Over the years, significant time and resources have been dedicated to improving data quality in survey research. While the quality of open-ended responses plays a key role in evaluating the validity of each participant, manually reviewing each response is a time-consuming task that has proven challenging to automate.
Although some automated tools can identify inappropriate content like gibberish or profanity, the real challenge lies in assessing the overall relevance of the answer. Generative AI, with its contextual understanding and user-friendly nature, presents researchers with the opportunity to automate this arduous response-cleaning process.
Harnessing the Power of Generative AI
Generative AI, to the rescue! The process of assessing the contextual relevance of open-ended responses can easily be automated in Google Sheets by building a customized VERIFY_RESPONSE() formula.
This formula integrates with the OpenAI Chat completion API, allowing us to receive a quality assessment of the open-ends along with a corresponding reason for rejection.
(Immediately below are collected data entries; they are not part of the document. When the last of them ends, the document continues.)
(* Let w be the generator of V_{a,θ}.  The map P ↦ P ⊗ w : Ω → Ind can be built
   directly, by induction on the s-degree: it is ι on C[t], and since d_n acts on Ω as
   λ^n s plus terms of no larger s-degree, its value on s Q is forced by
   d_n (Q ⊗ w) = d_n Q ⊗ w + a_n (Q ⊗ w).  This element of the Vir-module Hom(Ω, Ind)
   satisfies the relations defining w, so the universal property of V_{a,θ} yields a
   Vir-map f : V → Hom(Ω, Ind), and β(P, v) := f(v)(P) intertwines the tensor action.
   β is universal: a bilinear g : Ω × V → Y induces a Vir-map V → Hom(Ω, Coind Y) into
   the coinduced module, whose value at w restricted to C[t] is a b_{λ,n+1}-map; it
   extends over Ind, and uniqueness in V_{a,θ} identifies the two maps V → Hom(Ω, Coind Y).
   Two linear maps agreeing on every P ⊗ v lift to Vir-maps Ind → Coind Y agreeing on
   ι(C[t]), hence coincide. *)

From HB Require Import structures.
From mathcomp Require Import all_boot all_algebra.
From mathcomp Require Import complex Rstruct.
From mathcomp Require Import boolp ring zify.
From Stdlib Require Import ProofIrrelevance FunctionalExtensionality.
Set Implicit Arguments. Unset Strict Implicit. Unset Printing Implicit Defensive.
Import GRing.Theory Num.Theory.
Local Open Scope ring_scope.

Section SquareZeroExtension.
Variables (R : comNzRingType) (Z : lmodType R).

(* The trivial extension [R ⋉ Z] with [(a, x) (b, y) = (a b, a y + b x)]: [Z] is a
   square-zero ideal on which scaling is ring multiplication, so identities in an
   [R]-module can be proved by [ring] after embedding. *)
Definition sqz := (R * Z)%type.
HB.instance Definition _ := GRing.Zmodule.on sqz.

Definition sqz_mul (u v : sqz) : sqz := (u.1 * v.1, u.1 *: v.2 + v.1 *: u.2).

Lemma sqz_mulA : associative sqz_mul.
Proof.
move=> [a x] [b y] [c z]; rewrite /sqz_mul /=; congr (_, _); first by rewrite mulrA.
by rewrite !scalerDr !scalerA [c * a]mulrC [c * b]mulrC addrA.
Qed.

Lemma sqz_mulC : commutative sqz_mul.
Proof. by move=> [a x] [b y]; rewrite /sqz_mul /= mulrC addrC. Qed.

Lemma sqz_mul1 : left_id (1, 0) sqz_mul.
Proof. by move=> [a x]; rewrite /sqz_mul /= mul1r scale1r scaler0 addr0. Qed.

Lemma sqz_mulDl : left_distributive sqz_mul +%R.
Proof.
move=> [a x] [b y] [c z]; rewrite /sqz_mul /=; congr (_, _); first by rewrite mulrDl.
by rewrite scalerDl scalerDr addrACA.
Qed.

Lemma sqz_one_neq0 : ((1, 0) : sqz) != 0.
Proof. by apply/negP => /eqP [] /eqP; rewrite oner_eq0. Qed.

HB.instance Definition _ :=
  GRing.Zmodule_isComNzRing.Build sqz sqz_mulA sqz_mulC sqz_mul1 sqz_mulDl sqz_one_neq0.

Definition sqz_vec (x : Z) : sqz := (0, x).
Definition sqz_scalar (a : R) : sqz := (a, 0).

Lemma sqz_vec_inj : injective sqz_vec. Proof. by move=> x y []. Qed.

Lemma sqz_vec0 : sqz_vec 0 = 0. Proof. by []. Qed.

Lemma sqz_vecD x y : sqz_vec (x + y) = sqz_vec x + sqz_vec y.
Proof. by rewrite /sqz_vec; congr (_, _); rewrite addr0. Qed.

Lemma sqz_vecN x : sqz_vec (- x) = - sqz_vec x.
Proof. by rewrite /sqz_vec; congr (_, _); rewrite oppr0. Qed.

Lemma sqz_vecB x y : sqz_vec (x - y) = sqz_vec x - sqz_vec y.
Proof. by rewrite sqz_vecD sqz_vecN. Qed.

Lemma sqz_scalar_is_nmod_morphism : nmod_morphism sqz_scalar.
Proof. by split=> // a b; rewrite /sqz_scalar; congr (_, _); rewrite addr0. Qed.

Lemma sqz_scalar_is_monoid_morphism : monoid_morphism sqz_scalar.
Proof.
split=> // a b; rewrite /sqz_scalar /GRing.mul /= /sqz_mul /=.
by congr (_, _); rewrite !scaler0 addr0.
Qed.

HB.instance Definition _ :=
  GRing.isNmodMorphism.Build R sqz sqz_scalar sqz_scalar_is_nmod_morphism.
HB.instance Definition _ :=
  GRing.isMonoidMorphism.Build R sqz sqz_scalar sqz_scalar_is_monoid_morphism.

Lemma sqz_vecZ a x : sqz_vec (a *: x) = sqz_scalar a * sqz_vec x.
Proof. by rewrite /sqz_vec; congr (_, _) => /=; rewrite ?mulr0 // scaler0 addr0. Qed.

End SquareZeroExtension.

Ltac module_ring :=
  apply: sqz_vec_inj;
  rewrite ?(sqz_vecD, sqz_vecB, sqz_vecN, sqz_vecZ, sqz_vec0); ring.

Lemma subr_eq_add (Z : zmodType) (x y z : Z) : x - y = z -> x = z + y.
Proof. by move/eqP; rewrite subr_eq => /eqP. Qed.

Section LinearMaps.
Variables (U W : lmodType C) (f : U -> W).
Hypothesis f_lin : islin f.

Lemma islinD x y : f (x + y) = f x + f y.
Proof. by have := f_lin 1 x y; rewrite !scale1r. Qed.

Lemma islin0 : f 0 = 0.
Proof. by apply: (addrI (f 0)); rewrite -islinD !addr0. Qed.

Lemma islinZ a x : f (a *: x) = a *: f x.
Proof. by have := f_lin a x 0; rewrite !addr0 islin0 addr0. Qed.

Lemma islinN x : f (- x) = - f x.
Proof. by rewrite -scaleN1r islinZ scaleN1r. Qed.

Lemma islinB x y : f (x - y) = f x - f y.
Proof. by rewrite islinD islinN. Qed.

End LinearMaps.

Lemma islin_comp (U W Z : lmodType C) (f : U -> W) (g : W -> Z) :
  islin f -> islin g -> islin (fun x => g (f x)).
Proof. by move=> f_lin g_lin a x y; rewrite f_lin g_lin. Qed.

Lemma vir_hom_comp (U W Z : lmodType C) dU cU dW cW dZ cZ (f : U -> W) (g : W -> Z) :
  vir_hom dU cU dW cW f -> vir_hom dW cW dZ cZ g ->
  vir_hom dU cU dZ cZ (fun x => g (f x)).
Proof.
case=> f_lin fd fc [g_lin gd gc]; split; first exact: islin_comp.
  by move=> i v; rewrite fd gd.
by move=> v; rewrite fc gc.
Qed.

Lemma Va_gen_hom n a th (U W : lmodType C) dU cU dW cW (f : U -> W) x :
  vir_hom dU cU dW cW f -> Va_gen n a th dU cU x -> Va_gen n a th dW cW (f x).
Proof.
case=> f_lin fd fc [xd xd0 xc]; split.
- by move=> i hi; rewrite -fd xd // islinZ.
- by move=> i hi; rewrite -fd xd0 // islin0.
- by rewrite -fc xc islinZ.
Qed.

Lemma Ind_gen_hom n a th lam al h (U W : lmodType C) dU cU dW cW (f : U -> W) j :
  vir_hom dU cU dW cW f -> Ind_gen n a th lam al h dU cU j ->
  Ind_gen n a th lam al h dW cW (fun p => f (j p)).
Proof.
case=> f_lin fd fc [j_lin jd jc]; split.
- exact: islin_comp.
- by move=> k p hk; rewrite jd // islinB // islinZ // !fd.
- by move=> p; rewrite -fc jc islinZ.
Qed.

Record subfun (A : Type) (Y : lmodType C) (Pr : (A -> Y) -> Prop)
    (Pr0 : Pr (fun _ => 0))
    (PrL : forall (a : C) f g, Pr f -> Pr g -> Pr (fun x => a *: f x + g x)) :=
  SubFun { fval : A -> Y ; fvalP : Pr fval }.
Arguments SubFun {A Y Pr Pr0 PrL fval}.
Arguments fval {A Y Pr Pr0 PrL}.

Section SubspaceOfFunctions.
Variables (A : Type) (Y : lmodType C) (Pr : (A -> Y) -> Prop).
Hypothesis Pr0 : Pr (fun _ => 0).
Hypothesis PrL : forall (a : C) f g, Pr f -> Pr g -> Pr (fun x => a *: f x + g x).
Local Notation subfun := (subfun Pr0 PrL).

Lemma subfunE (u v : subfun) : (forall x, fval u x = fval v x) -> u = v.
Proof.
case: u v => f pf [g pg] /= /functional_extensionality e; subst g.
by rewrite (proof_irrelevance _ pf pg).
Qed.

HB.instance Definition _ := gen_eqMixin subfun.
HB.instance Definition _ := gen_choiceMixin subfun.

Lemma subfun_predZ a f : Pr f -> Pr (fun x => a *: f x).
Proof.
move=> pf; have := PrL a pf Pr0; congr Pr.
by apply: functional_extensionality => x; rewrite addr0.
Qed.

Lemma subfun_predD f g : Pr f -> Pr g -> Pr (fun x => f x + g x).
Proof.
move=> pf pg; have := PrL 1 pf pg; congr Pr.
by apply: functional_extensionality => x; rewrite scale1r.
Qed.

Definition subfun0 : subfun := SubFun Pr0.
Definition subfun_add (u v : subfun) : subfun := SubFun (subfun_predD (fvalP u) (fvalP v)).
Definition subfun_scale (a : C) (u : subfun) : subfun := SubFun (subfun_predZ a (fvalP u)).
Definition subfun_opp (u : subfun) : subfun := subfun_scale (-1) u.

Lemma subfun_addA : associative subfun_add.
Proof. by move=> u v w; apply: subfunE => x /=; rewrite addrA. Qed.
Lemma subfun_addC : commutative subfun_add.
Proof. by move=> u v; apply: subfunE => x /=; rewrite addrC. Qed.
Lemma subfun_add0 : left_id subfun0 subfun_add.
Proof. by move=> u; apply: subfunE => x /=; rewrite add0r. Qed.
Lemma subfun_addN : left_inverse subfun0 subfun_opp subfun_add.
Proof. by move=> u; apply: subfunE => x /=; rewrite scaleN1r addNr. Qed.

HB.instance Definition _ :=
  GRing.isZmodule.Build subfun subfun_addA subfun_addC subfun_add0 subfun_addN.

Lemma subfun_scaleA a b v : subfun_scale a (subfun_scale b v) = subfun_scale (a * b) v.
Proof. by apply: subfunE => x /=; rewrite scalerA. Qed.
Lemma subfun_scale1 : left_id 1 subfun_scale.
Proof. by move=> u; apply: subfunE => x /=; rewrite scale1r. Qed.
Lemma subfun_scaleDr : right_distributive subfun_scale +%R.
Proof. by move=> a u v; apply: subfunE => x /=; rewrite scalerDr. Qed.
Lemma subfun_scaleDl v : {morph subfun_scale^~ v : a b / a + b}.
Proof. by move=> a b; apply: subfunE => x /=; rewrite scalerDl. Qed.

HB.instance Definition _ := GRing.Zmodule_isLmodule.Build C subfun
  subfun_scaleA subfun_scale1 subfun_scaleDr subfun_scaleDl.

Lemma fvalD (u v : subfun) x : fval (u + v) x = fval u x + fval v x. Proof. by []. Qed.
Lemma fvalZ a (u : subfun) x : fval (a *: u) x = a *: fval u x. Proof. by []. Qed.
Lemma fval0 x : fval (0 : subfun) x = 0. Proof. by []. Qed.

End SubspaceOfFunctions.

Section OmegaAction.
Variables (lam al : C) (h : {poly C}).
Local Notation F := (Fop al h).
Local Notation G := (Gop al h).
Local Notation d := (omega_d lam al h).
Implicit Types (P Q : Omega) (f : {poly C}).

Lemma Fop_islin : islin F.
Proof. by move=> a f g; rewrite /Fop derivD derivZ -!mul_polyC; ring. Qed.

Lemma Gop_islin : islin G.
Proof. by move=> a f g; rewrite /Gop Fop_islin -!mul_polyC; ring. Qed.

Lemma Fop_mulX f : F ('X * f) = 'X * F f - f.
Proof. by rewrite /Fop derivM derivX mul1r; ring. Qed.

Lemma Gop_Fop_comm f : G (F f) = F (G f) + F f.
Proof.
rewrite /Gop (islinD Fop_islin (_ *: f)) (islinZ Fop_islin) Fop_mulX.
by rewrite -!mul_polyC; ring.
Qed.

Definition omega_term (m : int) (i : nat) f : Omega :=
  ('X - cst m%:~R) ^+ i *
  ('X * f%:P + ((m%:~R : C) *: G f - ((m ^+ 2)%:~R * al : C) *: F f)%:P).

Lemma omega_term0 m i : omega_term m i 0 = 0.
Proof.
rewrite /omega_term (islin0 Fop_islin) (islin0 Gop_islin) !scaler0 subr0 !rmorph0.
by rewrite mulr0 addr0 mulr0.
Qed.

Lemma omega_termD m i f g : omega_term m i (f + g) = omega_term m i f + omega_term m i g.
Proof.
by rewrite /omega_term (islinD Fop_islin) (islinD Gop_islin) !scalerDr !rmorphD /=; ring.
Qed.

Lemma omega_term_polyCM m i a f :
  omega_term m i (a%:P * f) = cst a * omega_term m i f.
Proof.
rewrite /omega_term !mul_polyC (islinZ Fop_islin) (islinZ Gop_islin) !scalerA.
rewrite ![_ * a]mulrC -!scalerA -!scalerBr -!mul_polyC /cst !rmorphM /=; ring.
Qed.

Lemma omega_dE m P N : (size P <= N)%N ->
  d m P = cst (lam ^ m) * \sum_(i < N) omega_term m i P`_i.
Proof.
move=> le_PN; congr (_ * _).
rewrite (big_ord_widen _ (fun i => omega_term m i P`_i) le_PN) big_mkcond /=.
apply: eq_bigr => i _; case: ifP => // /negbT; rewrite -leqNgt => le_Pi.
by rewrite nth_default // omega_term0.
Qed.

Lemma omega_dD m P Q : d m (P + Q) = d m P + d m Q.
Proof.
pose N := maxn (size P) (size Q).
rewrite (@omega_dE m (P + Q) N) ?(leq_trans (size_polyD _ _)) //.
rewrite (@omega_dE m P N) ?leq_maxl // (@omega_dE m Q N) ?leq_maxr //.
rewrite -mulrDr -big_split /=; congr (_ * _); apply: eq_bigr => i _.
by rewrite coefD omega_termD.
Qed.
We can help the model learn and generate a more accurate assessment by providing training data that contains examples of good and bad open-ended responses.
As a result, it becomes possible to assess hundreds of open-ended responses within minutes, achieving reasonable accuracy at a minimal cost.
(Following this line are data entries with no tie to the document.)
(* Fix $S$. For an $S$-regular graph $G$ on $n$ vertices, $\lambda_B>\sqrt{\lambda_S}-o(1)$, where $o(1)$ denotes a quantity tending to $0$ as $n\to\infty$.
   Context: All graphs are simple, undirected and connected. For a $k\times k$ matrix $S=(s_{ij})$ with nonnegative integer entries, $G=(V,E)$ is $S$-regular if $V$ is partitioned into nonempty cells $V_1,\dots,V_k$ such that every vertex of $V_i$ has exactly $s_{ij}$ neighbours in $V_j$. Let $A$ be the adjacency matrix, $n=|V|>k$. The subspace $W=\mathrm{span}\{\mathbf{1}_{V_1},\dots,\mathbf{1}_{V_k}\}$ is $A$-invariant with eigenvalues on $W$ equal to those of $S$; the eigenvalues of $A$ on $W^\perp$ are the bulk eigenvalues, and $\lambda_B$ is the largest absolute value of a bulk eigenvalue. $\lambda_S$ is the largest eigenvalue of $S$. *)

From HB Require Import structures.
From mathcomp Require Import all_boot all_order all_algebra.
From mathcomp Require Import reals.
Set Implicit Arguments. Unset Strict Implicit. Unset Printing Implicit Defensive.
Import Order.TTheory GRing.Theory Num.Theory.
Local Open Scope ring_scope.

Definition simple_connected_graph (n : nat) (e : rel 'I_n) : Prop :=
  [/\ (forall x, ~~ e x x),
      (forall x y, e x y = e y x) &
      (forall x y, connect e x y)].

(* G = (e) is S-regular w.r.t. the partition of the vertices into the cells
   V_j = cell^-1(j), j : 'I_k: every cell is nonempty and every vertex of
   V_i has exactly S i j neighbours in V_j. *)
Definition S_regular (n k : nat) (S : 'M[nat]_k) (e : rel 'I_n)
    (cell : 'I_n -> 'I_k) : Prop :=
  (forall j : 'I_k, exists x : 'I_n, cell x = j) /\
  (forall (x : 'I_n) (j : 'I_k),
      #|[set y : 'I_n | e x y && (cell y == j)]| = S (cell x) j).

Definition adjmx (R : pzRingType) (n : nat) (e : rel 'I_n) : 'M[R]_n :=
  \matrix_(x, y) (e x y)%:R.

(* mu is a bulk eigenvalue: an eigenvalue of A on W^perp, where
   W = span{1_{V_1},...,1_{V_k}}; i.e. A v = mu v for some nonzero v
   orthogonal to every indicator vector 1_{V_j}. *)
Definition bulk_eigenvalue (R : realType) (n k : nat) (e : rel 'I_n)
    (cell : 'I_n -> 'I_k) (mu : R) : Prop :=
  exists v : 'cV[R]_n,
    [/\ v != 0,
        (forall j : 'I_k, \sum_(x : 'I_n | cell x == j) v x 0 = 0) &
        adjmx R e *m v = mu *: v].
Best Practices for Optimal Results
While generative AI offers impressive capabilities, it ultimately relies on the guidance and training provided by humans. In the end, AI models are only as effective as the prompts we give them and the data on which we train them.
By implementing the following ACTIVE principle, you can develop a tool that reflects your thinking and expertise as a researcher, while entrusting the AI to handle the heavy lifting.
Adaptability
To help maintain effectiveness and accuracy, you should regularly update and retrain the model as new patterns in the data emerge. For example, if a recent world or local event leads people to respond differently, you should add new open-ended responses to the training data to account for these changes.
Confidentiality
To address concerns about data handling once it has been processed by a generative pre-trained transformer (GPT), be sure to use generic open-ended questions designed solely for quality assessment purposes. This minimizes the risk of exposing your client’s confidential or sensitive information.
Tuning
When introducing new audiences, such as different countries or generations, it’s important to carefully monitor the model’s performance; you cannot assume that everyone will respond similarly. By incorporating new open-ended responses into the training data, you can enhance the model’s performance in specific contexts.
Integration with other quality checks
By integrating AI-powered quality assessment with other traditional quality control measures, you can mitigate the risk of erroneously excluding valid participants. It’s always a good idea to disqualify participants based on multiple quality checks rather than relying solely on a single criterion, whether AI-related or not.
Validation
Given that humans are generally more forgiving than machines, reviewing the responses dismissed by the model can help prevent valid participant rejection. If the model rejects a significant number of participants, you can purposely include poorly-written open-ended responses in the training data to introduce more lenient assessment criteria.
Efficiency
Building a repository of commonly-used open-ended questions across multiple surveys reduces the need to train the model from scratch each time. This has the potential to enhance overall efficiency and productivity.
Human Thinking Meets AI Scalability
The success of generative AI in assessing open-ended responses hinges on the quality of prompts and the expertise of researchers who curate the training data.
While generative AI will not completely replace humans, it serves as a valuable tool for automating and streamlining the assessment of open-ended responses, resulting in significant time and cost savings.